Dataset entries

-.-.-

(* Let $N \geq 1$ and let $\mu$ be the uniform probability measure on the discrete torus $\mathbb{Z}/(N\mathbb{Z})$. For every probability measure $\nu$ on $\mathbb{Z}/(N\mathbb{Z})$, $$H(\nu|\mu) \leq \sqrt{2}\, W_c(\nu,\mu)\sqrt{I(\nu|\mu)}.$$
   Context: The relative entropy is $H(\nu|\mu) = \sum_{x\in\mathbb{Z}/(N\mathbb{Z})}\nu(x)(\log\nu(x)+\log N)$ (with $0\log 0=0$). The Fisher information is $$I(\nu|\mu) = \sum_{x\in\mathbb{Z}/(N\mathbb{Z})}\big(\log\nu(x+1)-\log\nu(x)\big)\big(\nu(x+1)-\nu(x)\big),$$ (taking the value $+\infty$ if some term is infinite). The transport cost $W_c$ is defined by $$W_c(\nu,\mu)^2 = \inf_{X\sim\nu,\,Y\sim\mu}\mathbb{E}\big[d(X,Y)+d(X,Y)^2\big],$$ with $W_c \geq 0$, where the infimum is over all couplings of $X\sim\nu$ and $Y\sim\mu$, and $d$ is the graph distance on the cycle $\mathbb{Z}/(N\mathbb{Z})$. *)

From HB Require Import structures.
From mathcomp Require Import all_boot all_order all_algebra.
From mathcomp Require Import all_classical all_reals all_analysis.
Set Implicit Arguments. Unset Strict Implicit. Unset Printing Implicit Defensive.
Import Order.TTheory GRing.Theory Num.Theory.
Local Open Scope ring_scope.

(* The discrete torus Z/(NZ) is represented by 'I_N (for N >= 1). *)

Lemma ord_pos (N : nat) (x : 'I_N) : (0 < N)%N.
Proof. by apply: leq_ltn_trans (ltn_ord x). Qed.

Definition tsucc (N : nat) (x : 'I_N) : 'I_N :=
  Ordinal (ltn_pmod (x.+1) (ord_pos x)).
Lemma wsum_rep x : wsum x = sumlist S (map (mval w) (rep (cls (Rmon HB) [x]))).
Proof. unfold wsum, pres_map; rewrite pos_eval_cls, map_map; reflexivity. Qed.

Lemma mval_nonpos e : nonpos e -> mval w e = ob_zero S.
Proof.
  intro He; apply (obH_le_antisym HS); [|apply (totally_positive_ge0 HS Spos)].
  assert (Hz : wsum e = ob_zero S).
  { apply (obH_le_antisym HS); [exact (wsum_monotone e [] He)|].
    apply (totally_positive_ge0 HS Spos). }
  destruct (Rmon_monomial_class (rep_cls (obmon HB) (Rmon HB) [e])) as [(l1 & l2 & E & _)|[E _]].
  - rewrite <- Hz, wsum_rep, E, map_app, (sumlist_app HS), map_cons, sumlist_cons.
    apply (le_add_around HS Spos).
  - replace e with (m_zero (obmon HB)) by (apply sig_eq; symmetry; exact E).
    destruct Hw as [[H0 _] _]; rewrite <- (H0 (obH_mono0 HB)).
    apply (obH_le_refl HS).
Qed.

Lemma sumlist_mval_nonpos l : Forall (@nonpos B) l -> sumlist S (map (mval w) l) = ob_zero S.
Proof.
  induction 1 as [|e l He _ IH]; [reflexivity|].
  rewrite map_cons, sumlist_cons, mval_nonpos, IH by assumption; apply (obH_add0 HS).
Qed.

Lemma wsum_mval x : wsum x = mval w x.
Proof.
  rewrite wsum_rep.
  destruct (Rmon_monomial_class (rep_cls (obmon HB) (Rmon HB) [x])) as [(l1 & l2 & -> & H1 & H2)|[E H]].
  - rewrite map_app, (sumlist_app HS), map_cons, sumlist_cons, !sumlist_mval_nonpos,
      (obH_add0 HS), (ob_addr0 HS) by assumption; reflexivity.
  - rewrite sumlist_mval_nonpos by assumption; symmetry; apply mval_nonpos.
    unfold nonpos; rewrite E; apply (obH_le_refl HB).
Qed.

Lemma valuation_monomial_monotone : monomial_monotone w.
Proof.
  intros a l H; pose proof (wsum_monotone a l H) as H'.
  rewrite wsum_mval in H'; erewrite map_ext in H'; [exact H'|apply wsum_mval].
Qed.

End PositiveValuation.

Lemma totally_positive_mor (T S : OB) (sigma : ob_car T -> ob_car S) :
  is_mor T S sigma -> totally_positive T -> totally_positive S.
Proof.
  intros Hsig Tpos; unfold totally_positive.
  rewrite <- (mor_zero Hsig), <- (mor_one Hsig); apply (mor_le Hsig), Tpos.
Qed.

-.-.-

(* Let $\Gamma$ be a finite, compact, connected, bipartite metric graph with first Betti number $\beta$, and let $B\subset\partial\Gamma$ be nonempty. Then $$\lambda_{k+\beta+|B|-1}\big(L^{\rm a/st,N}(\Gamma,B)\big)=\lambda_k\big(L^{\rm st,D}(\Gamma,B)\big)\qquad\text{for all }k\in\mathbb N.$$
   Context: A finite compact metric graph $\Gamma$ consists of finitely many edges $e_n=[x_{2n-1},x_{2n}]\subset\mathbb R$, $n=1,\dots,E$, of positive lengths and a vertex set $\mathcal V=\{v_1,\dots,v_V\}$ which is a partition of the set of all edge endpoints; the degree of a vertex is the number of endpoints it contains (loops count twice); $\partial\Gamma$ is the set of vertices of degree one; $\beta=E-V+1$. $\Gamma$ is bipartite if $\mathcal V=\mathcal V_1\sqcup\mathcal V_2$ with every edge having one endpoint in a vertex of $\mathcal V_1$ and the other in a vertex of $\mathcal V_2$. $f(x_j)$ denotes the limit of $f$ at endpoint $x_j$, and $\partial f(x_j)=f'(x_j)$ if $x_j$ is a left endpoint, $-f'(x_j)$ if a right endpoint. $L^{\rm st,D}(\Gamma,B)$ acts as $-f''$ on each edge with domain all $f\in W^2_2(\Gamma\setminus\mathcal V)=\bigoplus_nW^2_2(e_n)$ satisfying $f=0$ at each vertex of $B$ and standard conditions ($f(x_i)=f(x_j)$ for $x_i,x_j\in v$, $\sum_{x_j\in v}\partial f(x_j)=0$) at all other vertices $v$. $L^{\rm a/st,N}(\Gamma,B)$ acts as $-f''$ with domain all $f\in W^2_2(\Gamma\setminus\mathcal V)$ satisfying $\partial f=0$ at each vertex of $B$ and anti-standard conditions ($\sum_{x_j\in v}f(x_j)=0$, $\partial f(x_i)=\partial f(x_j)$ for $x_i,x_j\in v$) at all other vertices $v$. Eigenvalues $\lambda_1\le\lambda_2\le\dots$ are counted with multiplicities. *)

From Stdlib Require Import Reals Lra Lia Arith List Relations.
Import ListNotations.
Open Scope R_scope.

-.-.-

→ **What is needed**
Each line of the entries that contains "bipartite" counts once; state the total as a bare number.

→ **Your response**
2